◆ Task statement ◆
Reproduce, from the lines below, exactly the stretch that begins at the line containing "Lemma covering_excess_nonneg (t" and ends at the line containing "Lemma bad_count_nonneg (Ng", both included.

◆ Given data ◆
Lemma excess_at_nonneg (t : R) (sg : bool) (d u : nat) : 0 <= excess_at t sg d u.
Proof. apply window_excess_nonneg. Qed.

Lemma covering_excess_nonneg (t : R) (sg : bool) (Q : dyadic) : 0 <= covering_excess t sg Q.
Proof.
  apply sumn_nonneg. intros u _. pose proof (indic_bounds (covers sg u Q)).
  pose proof (indic_bounds (near_height t Q)). pose proof (excess_at_nonneg t sg (depth n0 Q) u).
  apply Rmult_le_pos; [apply Rmult_le_pos|]; lra.
Qed.

Definition bad_count (Ng : nat) (Q : dyadic) : R :=
  sumn (fun q => indic (bad_height (height Ng q) Q)) (S Ng).

Lemma bad_count_nonneg (Ng : nat) (Q : dyadic) : 0 <= bad_count Ng Q.
Proof. apply sumn_nonneg. intros; apply indic_bounds. Qed.

Lemma bad_height_of_near (Q : dyadic) (t0 t : R) : let r := C * side Q in
  Rabs (snd (center Q) - t0) <= r * r ->
  not_flat_on f t0 (fst (center Q) - r) (fst (center Q) + r) (eps / 2 * r) ->
  Rabs (t - t0) <= eta * eta * (r * r) -> bad_height t Q.
Proof.
  intros r Ht0 HN Ht. pose proof eta_pos. pose proof eta_le_1.
  assert (Hr : 0 < r) by (unfold r; pose proof (side_pos Q); nra).
  assert (eta * eta <= 1) by nra. assert (eta * eta * (r * r) <= r * r) by nra. split.
  - unfold near_height. fold r. apply Rabs_le_bounds in Ht, Ht0. apply Rabs_le; split; lra.
  - fold r. apply (not_flat_on_perturb M f t0 _ _ _ _ (eta * r) Hf); [lra|nra| | |].
    + replace (eta * r * (eta * r)) with (eta * eta * (r * r)) by ring. exact Ht.
    + unfold eta. right. field. lra.
    + replace (2 * (eps / 2 * r / 2)) with (eps / 2 * r) by field. exact HN.
Qed.

(* A bad cube has a whole interval of bad heights, of length comparable to l(Q)^2. *)
Lemma bad_count_ge (d i i' Ng : nat) : (i < 2 ^ d)%nat -> (i' < 4 ^ d)%nat ->
  (1 <= Ng)%nat -> in_bad f C eps (subcube n0 k0 l0 d i i') ->
  let Q := subcube n0 k0 l0 d i i' in let e := eta * eta * ((C * side Q) * (C * side Q)) in
  height_step Ng <= e -> e / height_step Ng <= bad_count Ng Q.
Proof.
  intros Hi Hi' HNg Hbad Q e Hg.
  pose proof h0_pos. pose proof eta_pos. pose proof eta_le_1.
  set (r := C * side Q) in *. set (g := height_step Ng) in *.
  assert (Hh : 0 < side Q <= h0) by (split; [apply side_pos|apply side_subcube_le]).
  destruct (not_flat_of_ruler_ge f (center Q) r eps ltac:(unfold r; nra) ltac:(lra) Hbad)
    as [t0 [Ht0 HN]].
  destruct (center_subcube_bounds n0 k0 l0 d i i' Hi Hi') as [_ Hct].
  fold h0 in Hct. change (subcube n0 k0 l0 d i i') with Q in Hct.
  assert (Hrr : r * r <= C * C * (h0 * h0)).
  { unfold r. assert (side Q * side Q <= h0 * h0) by nra. nra. }
  assert (He : e <= r * r).
  { assert (eta * eta <= 1) by nra. assert (0 <= r * r) by nra. unfold e. fold r. nra. }
  assert (Hg0 : 0 < g) by (apply height_step_pos; auto).
  apply Rle_trans with (sumn (fun q => indic (Rabs (height Ng q - t0) <= e)) (S Ng)).
  - apply Rabs_le_bounds in Ht0. apply count_near_progression; auto; [nra|].
    unfold g, height_step. replace (INR Ng * (height_range / INR Ng)) with height_range
      by (field; apply not_0_INR; lia).
    unfold height_range. nra.
  - apply sumn_le. intros q _. apply indic_le. apply bad_height_of_near; auto.
Qed.

Lemma side_cube_le_bad_count (d i i' Ng : nat) : (i < 2 ^ d)%nat -> (i' < 4 ^ d)%nat ->
  (1 <= Ng)%nat -> in_bad f C eps (subcube n0 k0 l0 d i i') ->
  let Q := subcube n0 k0 l0 d i i' in
  height_step Ng <= eta * eta * ((C * side Q) * (C * side Q)) ->
  side Q ^ 3 <= height_step Ng / (eta * eta * (C * C)) * (side Q * bad_count Ng Q).
Proof.
  intros Hi Hi' HNg Hbad Q Hg.
  pose proof (bad_count_ge d i i' Ng Hi Hi' HNg Hbad Hg) as Hcount. fold Q in Hcount.
  pose proof eta_pos. pose proof (side_pos Q). set (g := height_step Ng) in *.
  assert (HE : 0 < eta * eta * (C * C)) by (apply Rmult_lt_0_compat; nra).
  assert (Hg0 : 0 < g) by (apply height_step_pos; auto).
  replace (side Q ^ 3)
    with (side Q * (g / (eta * eta * (C * C)) * (eta * eta * (C * side Q * (C * side Q)) / g)))
    by (field; nra).
  rewrite <- Rmult_assoc, (Rmult_comm (side Q)), Rmult_assoc.
  apply Rmult_le_compat_l; [apply Rdiv_nonneg; lra|]. apply Rmult_le_compat_l; lra.
Qed.

Lemma rho_flat_bounds : 0 < rho_flat <= 1.
Proof.
  pose proof (pow2_pos p). unfold rho_flat. split.
  - apply Rdiv_lt_0_compat; nra.
  - apply Rmult_le_reg_r with (2 * 2 ^ p); [lra|]. field_simplify; nra.
Qed.

Lemma flat_threshold_pos : 0 < flat_threshold M rho_flat.
Proof.
  pose proof rho_flat_bounds. unfold flat_threshold, flat_kappa.
  apply Rdiv_lt_0_compat; [|lra]. assert (0 < rho_flat * rho_flat / (16 * M)); [|nra].
  apply Rdiv_lt_0_compat; nra.
Qed.
Lemma isotropic_derive_orth {R : realType} {Q : 'M[R]_4} {V : normedModType R}
    {sigma : V -> 'rV[R]_4} {x X : V} :
  Q^T = Q -> (\forall y \near x, bil Q (sigma y) (sigma y) = 0) ->
  derivable sigma x X -> bil Q (sigma x) ('D_X sigma x) = 0.
Proof.
move=> QT iso dsigma.
have dbil := is_derive_bil Q (derivableP dsigma) (derivableP dsigma).
have : 'D_X (fun y => bil Q (sigma y) (sigma y)) x = 0.
  by rewrite (near_eq_derive _ iso) derive_cst.
rewrite derive_val (bilC _ _ _ QT) => /eqP.
by rewrite -mulr2n mulrn_eq0 => /eqP.
Qed.

Lemma dual_at_conformal {R : realType} {Q : 'M[R]_4} {phi : 'rV[R]_2 -> R}
    {sigma : 'rV[R]_2 -> 'rV[R]_4} {e : 'rV[R]_4} {p : 'rV[R]_2} :
  dual_at Q (fun x => expR (phi x) *: sigma x) e p ->
  (forall X, derivable phi p X) -> (forall X, derivable sigma p X) ->
  [/\ bil Q e (sigma p) = expR (- phi p),
      forall X, bil Q e ('D_X sigma p) = - ('D_X phi p * expR (- phi p))
    & bil Q e e = 0].
Proof.
move=> [es [ee eD]] dphi dsigma; rewrite expRN.
have E0 : expR (phi p) != 0 by rewrite gt_eqF ?expR_gt0.
have es' : bil Q e (sigma p) = (expR (phi p))^-1.
  by apply: (mulfI E0); rewrite -bilZr es mulfV.
split; [done | move=> X | done].
have dexp := is_derive_comp1 (is_derive_expR (phi p)) (derivableP (dphi X)).
have dprod := is_deriveZ_fun dexp (derivableP (dsigma X)).
have := eD X; rewrite derive_val bilDr !bilZr es' /= mulrAC mulfV // mul1r.
move=> /eqP; rewrite addr_eq0 => /eqP eDX.
by apply: (mulfI E0); rewrite eDX; field.
Qed.

Section ConformalVariation.
Context {R : realType} {Q : 'M[R]_4} {U : set 'rV[R]_2} {T : set R}.
Context {sigma : 'rV[R]_2 -> 'rV[R]_4} {u : R -> 'rV[R]_2 -> R}.
Context {eta : R -> 'rV[R]_2 -> 'rV[R]_4}.
Hypotheses (QT : Q^T = Q) (oU : open U) (oT : open T) (T0 : T 0).
Hypothesis sigma_smooth : smooth_on U sigma.
Hypothesis sigma_isotropic : forall p, U p -> bil Q (sigma p) (sigma p) = 0.
Hypothesis u_smooth : smooth_on (T `*` U) (fun q : R * 'rV[R]_2 => u q.1 q.2).
Hypothesis u0 : forall p, U p -> u 0 p = 0.
Hypothesis eta_dual : forall t p, T t -> U p ->
  dual_at Q (fun x => expR (u t x) *: sigma x) (eta t p) p.

Let time_line (x : 'rV[R]_2) (t h : R) :
  (fun s : R => (s, x)) (h *: 1 + t) = h *: ((1 : R), (0 : 'rV[R]_2)) + (t, x).
Proof. by apply: injective_projections; rewrite /= ?scaler0 ?add0r. Qed.

Let space_line (t : R) (x X : 'rV[R]_2) (h : R) :
  (fun y => (t, y)) (h *: X + x) = h *: ((0 : R), X) + (t, x).
Proof. by apply: injective_projections; rewrite /= ?scaler0 ?add0r. Qed.

Lemma derive_time (G : R * 'rV[R]_2 -> R) t x :
  'D_1 (fun s => G (s, x)) t = 'D_(1, 0) G (t, x).
Proof. exact: derive_precomp (time_line x t). Qed.

Lemma derive_space (G : R * 'rV[R]_2 -> R) t x X :
  'D_X (fun y => G (t, y)) x = 'D_(0, X) G (t, x).
Proof. exact: derive_precomp (space_line t x X). Qed.

Lemma derivable_time (G : R * 'rV[R]_2 -> R) t x :
  derivable G (t, x) (1, 0) -> derivable (fun s => G (s, x)) t 1.
Proof. exact: (derivable_precomp (time_line x t)).2. Qed.

Lemma derivable_space (G : R * 'rV[R]_2 -> R) t x X :
  derivable G (t, x) (0, X) -> derivable (fun y => G (t, y)) x X.
Proof. exact: (derivable_precomp (space_line t x X)).2. Qed.

Lemma derivable_u_time {t x} : T t -> U x -> derivable (fun s => u s x) t 1.
Proof. by move=> Tt Ux; apply: (derivable_time (fun q => u q.1 q.2)); exact: (u_smooth [::] (t, x) (conj Tt Ux)).2. Qed.

Lemma derivable_u_space {t x X} : T t -> U x -> derivable (u t) x X.
Proof. by move=> Tt Ux; apply: (derivable_space (fun q => u q.1 q.2)); exact: (u_smooth [::] (t, x) (conj Tt Ux)).2. Qed.

Lemma derive_u0 p X : U p -> 'D_X (u 0) p = 0.
Proof.
move=> Up; rewrite -[RHS](derive_cst 0 p X); apply: near_eq_derive.
by apply: filterS (open_nbhs_nbhs (conj oU Up)) => x /u0.
Qed.

Lemma is_derive_mixed p X : U p ->
  is_derive (0 : R) 1 (fun t => 'D_X (u t) p) ('D_X (fun x => 'D_1 (fun t => u t x) 0) p).
Proof.
move=> Up; pose Uf := fun q : R * 'rV[R]_2 => u q.1 q.2.
have TUp : (T `*` U) (0, p) by [].
have open_TU : open (T `*` U).
  rewrite openE => -[t x] [/= Tt Ux].
  by exists (T, U) => //=; split; exact: open_nbhs_nbhs.
have -> : (fun t => 'D_X (u t) p) = (fun t => 'D_(0, X) Uf (t, p)).
  by apply: funext => t; exact: (derive_space Uf t p X).
have -> : (fun x => 'D_1 (fun t => u t x) 0) = (fun x => 'D_(1, 0) Uf (0, x)).
  by apply: funext => x; exact: (derive_time Uf 0 x).
rewrite (derive_space ('D_(1, 0) Uf)) (derive_comm ((0 : R), X) ((1 : R), (0 : 'rV[R]_2)) open_TU TUp u_smooth).
rewrite -derive_time; apply/derivableP/(derivable_time ('D_(0, X) Uf)).
exact: (u_smooth [:: (0, X)] (0, p) TUp).2.
Qed.

Lemma dual_at_u {t p} : T t -> U p ->
  [/\ bil Q (eta t p) (sigma p) = expR (- u t p),
      forall X, bil Q (eta t p) ('D_X sigma p) = - ('D_X (u t) p * expR (- u t p))
    & bil Q (eta t p) (eta t p) = 0].
Proof.
move=> Tt Up; apply: (dual_at_conformal (eta_dual _ _ Tt Up)) => X.
- exact: derivable_u_space Tt Up.
- exact: (sigma_smooth [::] p Up).2.
Qed.

Lemma is_derive_conformal_sigma p : U p ->
  is_derive (0 : R) 1 (fun t => expR (u t p) *: sigma p) ('D_1 (fun t => u t p) 0 *: sigma p).
Proof.
move=> Up.
have := is_deriveZl (sigma p)
  (is_derive_comp1 (is_derive_expR _) (derivableP (derivable_u_time T0 Up))).
by rewrite u0 // expR0 mul1r.
Qed.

◆ Reply ◆
Lemma covering_excess_nonneg (t : R) (sg : bool) (Q : dyadic) : 0 <= covering_excess t sg Q.
Proof.
  apply sumn_nonneg. intros u _. pose proof (indic_bounds (covers sg u Q)).
  pose proof (indic_bounds (near_height t Q)). pose proof (excess_at_nonneg t sg (depth n0 Q) u).
  apply Rmult_le_pos; [apply Rmult_le_pos|]; lra.
Qed.

Definition bad_count (Ng : nat) (Q : dyadic) : R :=
  sumn (fun q => indic (bad_height (height Ng q) Q)) (S Ng).

Lemma bad_count_nonneg (Ng : nat) (Q : dyadic) : 0 <= bad_count Ng Q.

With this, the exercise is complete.